И пиит-одописец мог получать и получал в награду за свой поступок лайковые аплодисменты и табакерку. А романист?
"Прочтут и высокие лица. Вот, ты говорил, Гоголь вспоможение ежегодное получает и за границу послан. А что, если б и ты? А?... Или вот, например, табакерку дадут... Что ж? На милость ведь нет образца. Поощрить захотят. А кто знает, может, и ко двору попадешь..." - гадает о судьбе своего воспитанника, молодого писателя Вани, старик Ихменев, герой "Униженных и оскорбленных" Достоевского.
"Или вот... табакерку дадут..."
У Достоевского повсюду немало разбросано штрихов, эпизодов и сценок, в которых роман - роман как жанр, роман вообще - словно занимается своего рода самоанализом: выясняется, кто и при каких обстоятельствах может писать романы, а кто их писать не может; мимоходом рецензируются романы, которые или сам герой Достоевского пишет или написали другие. Действие "Униженных и оскорбленных", например, протекает на фоне какого-то другого романа - романа, ранее созданного Иваном Петровичем, подающим надежды и уже весьма признанным литератором, а когда мы узнаем, что писать романы не прочь и инфантильный юноша князь Валковский, это смешно. Потому что совершенно-совершенно ясно: и неплохой он человек, и по-своему одаренный, но писать романы ему заказано. Несерьезен он. Юн, внутренне юн. Юн умом, духом. Где ему!
И очерчивается одна из границ, в которых суждено жить роману: романист не может быть беспечным, молоденьким. Быть дилетантом. Очерчивается и другая граница: в середине XIX столетия романист уже должен был обладать очевидной для всех независимостью, ему ни к чему подвизаться меж высокопоставленных государственных мужей, при дворе, и награждение романиста золотой табакеркой с червонцами - нелепость, которую мог вообразить только мелкопоместный провинциал, простак. Невинная чушь, приписывание одному жанру условий бытования другого. Романистам табакерок не давали, даже верноподданным романистам. У Достоевского зафиксировано существенное: роман мог появиться лишь там, где была личная независимость творца этого литературного жанра. Где ему удавалось добиться эмансипации. И теперь романист, будь он самым непритязательным молодым литератором, получает возможность действовать свободно. Потому что роман - это мнение о мире, которое сложилось у человека, будь он, повторяю, самой "мелкой сошкой", и высказать которое считает он должным, необходимым. Работа над романом делает его общественным деятелем, равноправным участником и, более того, инициатором серьезных обсуждений, дискуссий: роман всегда ориентирован на участие в идеологических спорах, в которых один выступает равным со всеми, претендуя, впрочем, на роль застрельщика, лидера.

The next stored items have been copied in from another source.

(* In the setting of the context, $A$ and $B$ are separable $k$-algebras.
   Context: $k$ is a field; $C_R(S)=\{r\in R:rs=sr\ \forall s\in S\}$. $N\subseteq M$ is a strongly separable, irreducible extension of $k$-algebras: $C_M(N)=k1$ and there are an $N$-bimodule map $E:M\to N$ and $x_1,\dots,x_n,y_1,\dots,y_n\in M$ with $\sum_iE(mx_i)y_i=m=\sum_ix_iE(y_im)$ for all $m\in M$, $E(1)\neq0$, $\sum_ix_iy_i\neq0$; normalized so that $E(1)=1$, whence $\sum_ix_iy_i=\lambda^{-1}1$ with $0\neq\lambda\in k$. Basic construction: given $S\subseteq R$, an $S$-bimodule map $E_S:R\to S$ with $E_S(1)=1$ and $r_i,s_i\in R$ with $\sum_iE_S(rr_i)s_i=r=\sum_ir_iE_S(s_ir)$ and $\sum_ir_is_i=\lambda^{-1}1$, set $R_1=R\otimes_SR$ with product $(a\otimes b)(c\otimes d)=aE_S(bc)\otimes d$, unit $\sum_ir_i\otimes s_i$, $R\subseteq R_1$ via $r\mapsto\sum_irr_i\otimes s_i$, $e=1\otimes1$, $E_R:R_1\to R$, $a\otimes b\mapsto\lambda ab$; then $E_R$, $\lambda^{-1}r_i\otimes1$, $1\otimes s_i$ satisfy the same conditions with the same $\lambda$. From $(N\subseteq M,E)$ get $M_1,e_1,E_M$; from $(M\subseteq M_1,E_M)$ get $M_2,e_2,E_{M_1}$. Let $A=C_{M_1}(N)$, $B=C_{M_2}(M)$. Depth 2 is assumed: $M_1$ is free as right $M$-module with basis in $A$, $M_2$ free as right $M_1$-module with basis in $B$. A $k$-algebra $D$ is separable if the multiplication $D\otimes_kD\to D$ has a right inverse as a $D$-$D$-bimodule map. *)

From HB Require Import structures.
From mathcomp Require Import all_boot all_order all_algebra.
Set Implicit Arguments. Unset Strict Implicit. Unset Printing Implicit Defensive.
Import GRing.Theory.
Local Open Scope ring_scope.

Definition scalars (k : fieldType) (R : algType k) : R -> Prop :=
  fun s => exists c : k, s = c%:A.

Definition centralizer (R : ringType) (S : R -> Prop) : R -> Prop :=
  fun r => forall s, S s -> r * s = s * r.

Definition balanced_biadd (R : ringType) (D S : R -> Prop) (V : zmodType)
    (f : R -> R -> V) : Prop :=
  [/\ forall a a' b, D a -> D a' -> D b -> f (a + a') b = f a b + f a' b,
      forall a b b', D a -> D b -> D b' -> f a (b + b') = f a b + f a b' &
      forall a s b, D a -> S s -> D b -> f (a * s) b = f a (s * b)].

(* (T, t) is a tensor product D (x)_S D (D a right and left S-module inside R),
   defined by its universal property as an abelian group. *)
Definition is_tensor (R : ringType) (D S : R -> Prop) (T : zmodType)
    (t : R -> R -> T) : Prop :=
  balanced_biadd D S t /\
  forall (V : zmodType) (f : R -> R -> V), balanced_biadd D S f ->
    exists g : T -> V,
      [/\ forall u v, g (u + v) = g u + g v,
          forall a b, D a -> D b -> g (t a b) = f a b &
          forall g' : T -> V, (forall u v, g' (u + v) = g' u + g' v) ->
            (forall a b, D a -> D b -> g' (t a b) = f a b) -> g' =1 g].

(* D (a k-subalgebra of R) is a separable k-algebra: for a (any) tensor product
   (T, t) = D (x)_k D, the multiplication map mu : T -> D, t a b |-> a b, has a
   right inverse sigma which is a D-D-bimodule map.  The bimodule actions on T
   are the (unique) additive maps with  t x y |-> t (a x) y  resp.
   t x y |-> t x (y a). *)
Definition separable_sub (k : fieldType) (R : algType k) (D : R -> Prop) : Prop :=
  forall (T : zmodType) (t : R -> R -> T), is_tensor D (@scalars k R) t ->
  exists sigma : R -> T,
    [/\ forall d d', D d -> D d' -> sigma (d + d') = sigma d + sigma d',
        forall a d (L : T -> T), D a -> D d ->
          (forall u v, L (u + v) = L u + L v) ->
          (forall x y, D x -> D y -> L (t x y) = t (a * x) y) ->
          L (sigma d) = sigma (a * d),
        forall a d (L : T -> T), D a -> D d ->
          (forall u v, L (u + v) = L u + L v) ->
          (forall x y, D x -> D y -> L (t x y) = t x (y * a)) ->
          L (sigma d) = sigma (d * a) &
        forall mu : T -> R, (forall u v, mu (u + v) = mu u + mu v) ->
          (forall x y, D x -> D y -> mu (t x y) = x * y) ->
          forall d, D d -> mu (sigma d) = d].

(* Inclusion R -> R (x)_S R of the basic construction: r |-> sum_i r r_i (x) s_i. *)
Definition bc_incl (R : ringType) (T : zmodType) (t : R -> R -> T) (n : nat)
    (r_ s_ : 'I_n -> R) (r : R) : T :=
  \sum_(i < n) t (r * r_ i) (s_ i).

Definition free_right_basis_in (R' Z : ringType) (j : R' -> Z) (P : Z -> Prop) : Prop :=
  exists (m : nat) (b : 'I_m -> Z),
    [/\ forall l, P (b l),
        forall z, exists c : 'I_m -> R', z = \sum_(l < m) b l * j (c l) &
        forall c : 'I_m -> R', \sum_(l < m) b l * j (c l) = 0 -> forall l, c l = 0].

From HB Require Import structures.
From mathcomp Require Import all_boot all_order all_algebra.
From Stdlib Require Import IndefiniteDescription.
Set Implicit Arguments. Unset Strict Implicit. Unset Printing Implicit Defensive.
Import GRing.Theory.
Local Open Scope ring_scope.

(* Irreducibility forces the expectation E_M : M_1 -> M to map A = C_{M_1}(N)
   into k, so it is a k-valued trace on A.  By depth 2, M_1 has a right
   M-basis (b_l) inside A; its coordinate forms are E_M (w_l * _) for
   elements w_l that again lie in A, and (b_l), (w_l) are dual bases of A for
   this trace with sum_l b_l w_l = lam^-1.  Hence lam sum_l b_l (x) w_l is a
   separability idempotent of A.  The basic construction turns N <= M into
   M <= M_1, again strongly separable and irreducible with the same lam, so
   the same argument applies to B = C_{M_2}(M). *)

Section AdditiveMaps.
Variables (V W : zmodType) (f : V -> W).
Hypothesis fD : forall u v, f (u + v) = f u + f v.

Русский роман возник тогда, когда идея личной независимости человека приобрела политически целенаправленный, революционный характер, - в первой четверти XIX века. Раскрепощение личности понимали широко: как раскрепощение экономическое и чисто духовное. И раскрепощение личности стало фундаментальной идеей века. Движимые этой идеей, декабристы вышли на Сенатскую площадь, а Пушкин в это время создавал "Евгения Онегина". Роман в стихах. Стихотворная речь романа недвусмысленно подчеркивала его личностность, неофициальность: это "мой" роман ("Евгений Онегин" демонстративно притяжателен: роман "мой", Татьяна "моя"). И лирические отступления отсюда же: поэт странствует по строфам создаваемой им книги, вольно высказываясь о государстве, о современном ему обществе - его идеалах, увлечениях, политических кумирах. Он не свободен от общества, без него он не существовал бы как романист; ориентировка в делах общества, всесторонняя осведомленность о его идеологической жизни решительно необходима романисту. Он спорит. Он диалог с обществом ведет.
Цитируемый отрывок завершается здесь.